(Saved entries)
◆ ◆ ◆ ◆ ◆ ◆ ◆

Lemma norm2_beta_gt0 j : 0 < norm2 a b (beta1 a b j) /\ 0 < norm2 a b (beta2 a b j).
Proof.
have := ratio_gt0 a b b_gt0 hba; have [-> ->] := norm2_beta a b b_gt0 j.
by case: (odd j); split; lra.
Qed.

Lemma norm2_beta_sum_gt0 j k :
  0 < norm2 a b (vadd (beta1 a b k) (beta1 a b j))
  /\ 0 < norm2 a b (vadd (beta2 a b k) (beta2 a b j)).
Proof.
have [? ?] := norm2_beta_gt0 j; have [? ?] := norm2_beta_gt0 k.
have [? ?] := form_beta_ge0 k j; rewrite !norm2D; split; lra.
Qed.

Lemma norm2_beta1_sum j n :
  2 * (a%:R / b%:R) < norm2 a b (vadd (beta1 a b j) (beta1 a b (j + n)))
  \/ [/\ odd j, ~~ odd n
       & norm2 a b (vadd (beta1 a b j) (beta1 a b (j + n))) = 4 + 2 * (ec a b n)%:~R].
Proof.
have ratio := ratio_gt0 a b b_gt0 hba; have [g _] := form_beta_ge0 j (j + n).
have [nj _] := norm2_beta a b b_gt0 j; have [njn _] := norm2_beta a b b_gt0 (j + n).
have [G _] := form_beta a b b_gt0 j n.
move: g; rewrite norm2D nj njn G oddD.
by case: (odd j); case: (odd n) => /= g; [left | right; split=> // | left | left]; lra.
Qed.

Lemma norm2_beta2_sum j n :
  2 * (a%:R / b%:R) < norm2 a b (vadd (beta2 a b j) (beta2 a b (j + n)))
  \/ [/\ ~~ odd j, ~~ odd n
       & norm2 a b (vadd (beta2 a b j) (beta2 a b (j + n))) = 4 + 2 * (ec a b n)%:~R].
Proof.
have ratio := ratio_gt0 a b b_gt0 hba; have [_ g] := form_beta_ge0 j (j + n).
have [_ nj] := norm2_beta a b b_gt0 j; have [_ njn] := norm2_beta a b b_gt0 (j + n).
have [_ G] := form_beta a b b_gt0 j n.
move: g; rewrite norm2D nj njn G oddD.
by case: (odd j); case: (odd n) => /= g; [left | left | left | right; split=> //]; lra.
Qed.

Lemma beta1_sum_root j n : is_root a b (vadd (beta1 a b j) (beta1 a b (j + n))) ->
  [/\ odd j, ~~ odd n, (0 < n)%N & 4 + 2 * (ec a b n)%:~R <= 2 * (a%:R / b%:R : rat)].
Proof.
move=> /is_root_norm2_gt0 -/(_ b_gt0 hba) [|not_doubled norm2_le].
  by have [] := norm2_beta_sum_gt0 (j + n) j.
case: (posnP n) => [n0 | n_gt0].
  by case: not_doubled; exists (beta1 a b j); rewrite n0 addn0.
by case: (norm2_beta1_sum j n) => [| [? ? <-]] //; lra.
Qed.

Lemma beta2_sum_root j n : is_root a b (vadd (beta2 a b j) (beta2 a b (j + n))) ->
  [/\ ~~ odd j, ~~ odd n, (0 < n)%N & 4 + 2 * (ec a b n)%:~R <= 2 * (a%:R / b%:R : rat)].
Proof.
move=> /is_root_norm2_gt0 -/(_ b_gt0 hba) [|not_doubled norm2_le].
  by have [] := norm2_beta_sum_gt0 (j + n) j.
case: (posnP n) => [n0 | n_gt0].
  by case: not_doubled; exists (beta2 a b j); rewrite n0 addn0.
by case: (norm2_beta2_sum j n) => [| [? ? <-]] //; lra.
Qed.

End Admissible.

Definition gamma (a b k j : nat) : rvec := vadd (beta1 a b k) (beta2 a b j).

Section Gamma.
Variables a b : nat.

Local Notation gamma := (gamma a b).
Local Notation imag_orbit := (Worbit a b (fund_set_K a b)).

Lemma refl1_gamma x y : refl1 a (gamma x y.+1) = gamma y x.+1.
Proof. by rewrite /gamma refl1D refl1_beta1 refl1_beta2 vaddC. Qed.

Lemma refl2_gamma x y : refl2 b (gamma x.+1 y) = gamma y.+1 x.
Proof. by rewrite /gamma refl2D refl2_beta1 refl2_beta2 vaddC. Qed.

Lemma pair1_gamma x y : pair1 a (gamma x y) = ec a b y - ec a b x.+1.
Proof. rewrite /pair1 /gamma /= /ec (cseqSS a b x); lia. Qed.

Lemma pair2_gamma x y : pair2 b (gamma x y) = ed a b x - ed a b y.+1.
Proof. rewrite /pair2 /gamma /= /ed (dseqSS a b y); lia. Qed.

(* r_1 and r_2 swap the indices of gamma and shift one of them, which moves
   gamma k (k + n) and gamma (k + n) k two steps further from the diagonal. *)
Lemma imag_orbit_gamma :
    (forall k, imag_orbit (gamma k.+1 k.+1)) ->
    (forall k, imag_orbit (gamma k k.+1) /\ imag_orbit (gamma k.+1 k)) ->
  forall k j, (0 < k + j)%N -> imag_orbit (gamma k j).
Proof.
move=> diag near.
suff off_diag n k : (0 < k + n)%N ->
    imag_orbit (gamma k (k + n)) /\ imag_orbit (gamma (k + n) k).
  move=> k j kj_gt0; case: (leqP k j) => [le_kj | /ltnW le_jk].
    by case: (off_diag (j - k)%N k); [lia | rewrite subnKC // => + _].
  by case: (off_diag (k - j)%N j); [lia | rewrite subnKC // => _ +].
elim/ltn_ind: n k => -[|[|n]] IH k kn_gt0.
- by case: k kn_gt0 => // k _; rewrite addn0; split.
- by rewrite addn1.
have [IH1 IH2] := IH n (leqnSn n.+1) k.+1 isT.
rewrite !addnS; split.
  by rewrite -refl1_gamma; apply: Wo_r1; rewrite -addSn.
by rewrite -refl2_gamma; apply: Wo_r2; rewrite -addSn.
Qed.

Hypothesis adm : admissible a b.

Lemma gamma_fund_set x y :
  ec a b y <= ec a b x.+1 -> ed a b x <= ed a b y.+1 -> fund_set_K a b (gamma x y).
Proof.
move=> ec_le ed_le; rewrite /fund_set_K pair1_gamma pair2_gamma.
have [? ? ? ?] := cseq_dseq_gt0 a b adm x; have [? ? ? ?] := cseq_dseq_gt0 a b adm y.
split; rewrite /gamma /=; try lia.
- by case; lia.
- by move=> _; case: adm => -[? ?]; lia.
Qed.

Lemma imag_orbit_gamma_large_b : (2 <= b)%N -> forall k j, imag_orbit (gamma k j).
Proof.
move=> hb2 k j; have hba : (b <= a)%N by case: adm => -[? ?]; lia.
have mono := @ec_ed_nondecreasing a b hb2 hba.
have diag m : imag_orbit (gamma m m).
  have [/andP[_ ?] /andP[_ ?]] := mono m; exact/Wo_base/gamma_fund_set.
case: (posnP (k + j)) => [/eqP | kj_gt0]; first by rewrite addn_eq0 => /andP[/eqP-> /eqP->].
apply: imag_orbit_gamma => // m.
have [/andP[_ ?] /andP[_ ?]] := mono m; have [/andP[_ ?] /andP[_ ?]] := mono m.+1.
by split; apply/Wo_base/gamma_fund_set; lia.
Qed.

Lemma imag_orbit_gamma_unit_b :
  b = 1%N -> forall k j, (0 < k + j)%N -> imag_orbit (gamma k j).
Proof.
move=> b1; have ha5 : (5 <= a)%N by case: adm => -[? ?]; lia.
apply: imag_orbit_gamma => m.
- case: (boolP (odd m)) => m_odd.
  + rewrite -refl2_gamma; apply/Wo_r2/Wo_base/gamma_fund_set; rewrite b1.
      by have [] := ec_ed_b1_leSSS a ha5 m.
    by apply: ed_b1_even_geS; rewrite //= m_odd.
  + rewrite -refl1_gamma; apply/Wo_r1/Wo_base/gamma_fund_set; rewrite b1.
      by apply: ec_b1_odd_geS; rewrite //= m_odd.
    by have [] := ec_ed_b1_leSSS a ha5 m.
- have [? ?] := ec_ed_b1_leSS a ha5 m.
  by split; apply/Wo_base/gamma_fund_set; rewrite b1.
Qed.

Lemma gamma_root k j : is_root a b (gamma k j)
  /\ (~ (b = 1%N /\ k = 0%N /\ j = 0%N) -> norm2 a b (gamma k j) <= 0).
Proof.
have [[b1 [k0 j0]] | imag] : (b = 1%N /\ k = 0%N /\ j = 0%N) \/ imag_orbit (gamma k j).
  case: adm => [[hb2 _] | [b1 _]]; first by right; apply: imag_orbit_gamma_large_b.
  by case: (posnP (k + j)) => [| ?]; [left; lia | right; apply: imag_orbit_gamma_unit_b].
- split=> [| /(_ (conj b1 (conj k0 j0)))//]; left.
  have -> : gamma k j = refl2 b alpha1.
    by rewrite k0 j0 /gamma beta1_0 beta2_0 b1 /refl2 /pair2.
  exact/Wo_r2/Wo_base/or_introl.
- split=> [| _]; first by right; left.
  by apply: Worbit_fund_set imag; case: adm => -[? ?]; lia.
Qed.

End Gamma.

Section LargeBSums.
Variables a b : nat.
Hypotheses (hb2 : (2 <= b)%N) (hba : (b <= a)%N).

Let adm : admissible a b. Proof. by left. Qed.

Lemma ratio_lt_ec n : ~~ odd n -> (0 < n)%N ->
  2 * (a%:R / b%:R) < 4 + 2 * ((ec a b n)%:~R : rat).
Proof.
move=> n_even n_gt0; have n_ge2 : (2 <= n)%N by case: n n_even n_gt0 => [|[|n]].
have := @ec_ge a b hb2 hba n n_ge2; rewrite -(ler_int rat) rmorphB rmorphM /=.
have : (a%:R / b%:R : rat) <= a%:R.
  by rewrite ler_pdivrMr ?ltr0n ?(ltnW hb2) // ler_peMr ?ler0n // ler1n ltnW.
have : (1 : rat) <= a%:R by rewrite ler1n (leq_trans _ hba) // ltnW.
have : (2 : rat) <= b%:R by rewrite ler_nat.
nra.
Qed.

Lemma beta_sum_not_root j k :
  ~ is_root a b (vadd (beta1 a b k) (beta1 a b j))
  /\ ~ is_root a b (vadd (beta2 a b k) (beta2 a b j)).
Proof.
wlog le_kj : j k / (k <= j)%N.
  move=> W; case: (leqP k j) => [/W // | /ltnW /W].
  by rewrite vaddC [vadd (beta2 _ _ j) _]vaddC.
rewrite -(subnKC le_kj).
by split=> [/(beta1_sum_root a b adm) | /(beta2_sum_root a b adm)] [_ n_even n_gt0];
  have := ratio_lt_ec _ n_even n_gt0; lra.
Qed.

End LargeBSums.

Section UnitBSums.
Variable a : nat.
Hypothesis ha5 : (5 <= a)%N.

Let adm : admissible a 1. Proof. by right. Qed.

Lemma beta_sum_b1 m : ~~ odd m ->
  vadd (beta1 a 1 m.+1) (beta1 a 1 m.+3) = beta1 a 1 m.+2
  /\ vadd (beta2 a 1 m) (beta2 a 1 m.+2) = beta2 a 1 m.+1.
Proof.
move=> m_even.
have odd1 : odd m.+1 by rewrite /= m_even.
have odd3 : odd m.+3 by rewrite /= !negbK.
have even2 : ~~ odd m.+2 by rewrite /= !negbK.
have := cseq_odd a 1 _ odd1; have := cseq_odd a 1 _ odd3; have := cseq_even a 1 _ even2.
have := cseqSS a 1 m.+1; have := dseqSS a 1 m.+2; have := dseqSS a 1 m.
by rewrite /vadd /Defs.beta1 /Defs.beta2 /= => *; split; congr (_, _); lia.
Qed.

Lemma real_root_beta_sum_b1 k :
  real_root a 1 (vadd (beta1 a 1 (2 * k + 1)) (beta1 a 1 (2 * k + 3)))
  /\ real_root a 1 (vadd (beta2 a 1 (2 * k)) (beta2 a 1 (2 * k + 2))).
Proof.
have k2_even : ~~ odd (2 * k) by rewrite oddM.
have [sum1 sum2] := beta_sum_b1 _ k2_even.
rewrite !addn1 !addn2 !addn3 sum1 sum2.
have [W1 _] := beta_Worbit a 1 (2 * k).+2; have [_ W2] := beta_Worbit a 1 (2 * k).+1.
have [N1 _] := norm2_beta_sum_gt0 a 1 adm (2 * k).+3 (2 * k).+1.
have [_ N2] := norm2_beta_sum_gt0 a 1 adm (2 * k).+2 (2 * k).
by rewrite sum1 sum2 in N1 N2 *; split; split=> //; left.
Qed.

Lemma real_root_beta_sum_b1_uniq j k :
  (real_root a 1 (vadd (beta1 a 1 j) (beta1 a 1 k)) ->
    exists m, (j = 2 * m + 1 /\ k = 2 * m + 3)%N \/ (j = 2 * m + 3 /\ k = 2 * m + 1)%N)
  /\ (real_root a 1 (vadd (beta2 a 1 j) (beta2 a 1 k)) ->
    exists m, (j = 2 * m /\ k = 2 * m + 2)%N \/ (j = 2 * m + 2 /\ k = 2 * m)%N).
Proof.
wlog le_jk : j k / (j <= k)%N.
  move=> W; case: (leqP j k) => [/W // | /ltnW /W [W1 W2]].
  by split; rewrite vaddC; [move/W1 | move/W2] => -[m [[-> ->] | [-> ->]]];
    exists m; [right | left | right | left].
rewrite -(subnKC le_jk); set n := (k - j)%N.
split=> -[root _].
- have [j_odd n_even n_gt0 le2a] := beta1_sum_root a 1 adm _ _ root.
  rewrite (ec_b1_le_eq2 a ha5 _ n_even n_gt0 le2a); exists j./2; left.
  by have := odd_double_half j; rewrite j_odd -muln2; lia.
- have [/negbTE j_even n_even n_gt0 le2a] := beta2_sum_root a 1 adm _ _ root.
  rewrite (ec_b1_le_eq2 a ha5 _ n_even n_gt0 le2a); exists j./2; left.
  by have := odd_double_half j; rewrite j_even -muln2; lia.
Qed.

End UnitBSums.

Theorem proposition4p6 (a b : nat) (hba : (b <= a)%N) (hb : (1 <= b)%N)
  (hab : (2 <= b)%N \/ (b = 1%N /\ (5 <= a)%N)) :
  [/\ (* (1) *)
      (forall j k : nat, 0 < norm2 a b (vadd (beta1 a b k) (beta1 a b j)))
      /\ (forall j k : nat, 0 < norm2 a b (vadd (beta2 a b k) (beta2 a b j))),
      (* (1a) *)
      ((2 <= b)%N -> forall j k : nat,
          ~ is_root a b (vadd (beta1 a b k) (beta1 a b j))
          /\ ~ is_root a b (vadd (beta2 a b k) (beta2 a b j))),
      (* (1b) *)
      (b = 1%N -> (5 <= a)%N ->
        [/\ forall k : nat,
              real_root a b (vadd (beta1 a b (2 * k + 1)) (beta1 a b (2 * k + 3)))
              /\ real_root a b (vadd (beta2 a b (2 * k)) (beta2 a b (2 * k + 2))),
            forall j k : nat, real_root a b (vadd (beta1 a b j) (beta1 a b k)) ->
              exists m : nat, (j = 2 * m + 1 /\ k = 2 * m + 3)%N
                              \/ (j = 2 * m + 3 /\ k = 2 * m + 1)%N
          & forall j k : nat, real_root a b (vadd (beta2 a b j) (beta2 a b k)) ->
              exists m : nat, (j = 2 * m /\ k = 2 * m + 2)%N
                              \/ (j = 2 * m + 2 /\ k = 2 * m)%N])
    & (* (2) *)
      forall j k : nat,
        is_root a b (vadd (beta1 a b k) (beta2 a b j))
        /\ (~ (b = 1%N /\ k = 0%N /\ j = 0%N) ->
            norm2 a b (vadd (beta1 a b k) (beta2 a b j)) <= 0)].
Proof.
have adm : admissible a b by case: hab => [? | []]; [left | right].
split.
- by split=> j k; have [] := norm2_beta_sum_gt0 a b adm j k.
- by move=> hb2; apply: beta_sum_not_root.
- move=> b1 ha5; subst b; split.
  + exact: real_root_beta_sum_b1.
  + by move=> j k; have [] := real_root_beta_sum_b1_uniq a ha5 j k.
  + by move=> j k; have [] := real_root_beta_sum_b1_uniq a ha5 j k.
- by move=> j k; exact: gamma_root a b adm k j.
Qed.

◆ ◆ ◆ ◆ ◆ ◆ ◆

When the line containing "- by split=>" is found in the records above, restate it and every later line word for word through the last one, and nothing more.

== Expected output ==
- by split=> j k; have [] := norm2_beta_sum_gt0 a b adm j k.
- by move=> hb2; apply: beta_sum_not_root.
- move=> b1 ha5; subst b; split.
  + exact: real_root_beta_sum_b1.
  + by move=> j k; have [] := real_root_beta_sum_b1_uniq a ha5 j k.
  + by move=> j k; have [] := real_root_beta_sum_b1_uniq a ha5 j k.
- by move=> j k; exact: gamma_root a b adm k j.
Qed.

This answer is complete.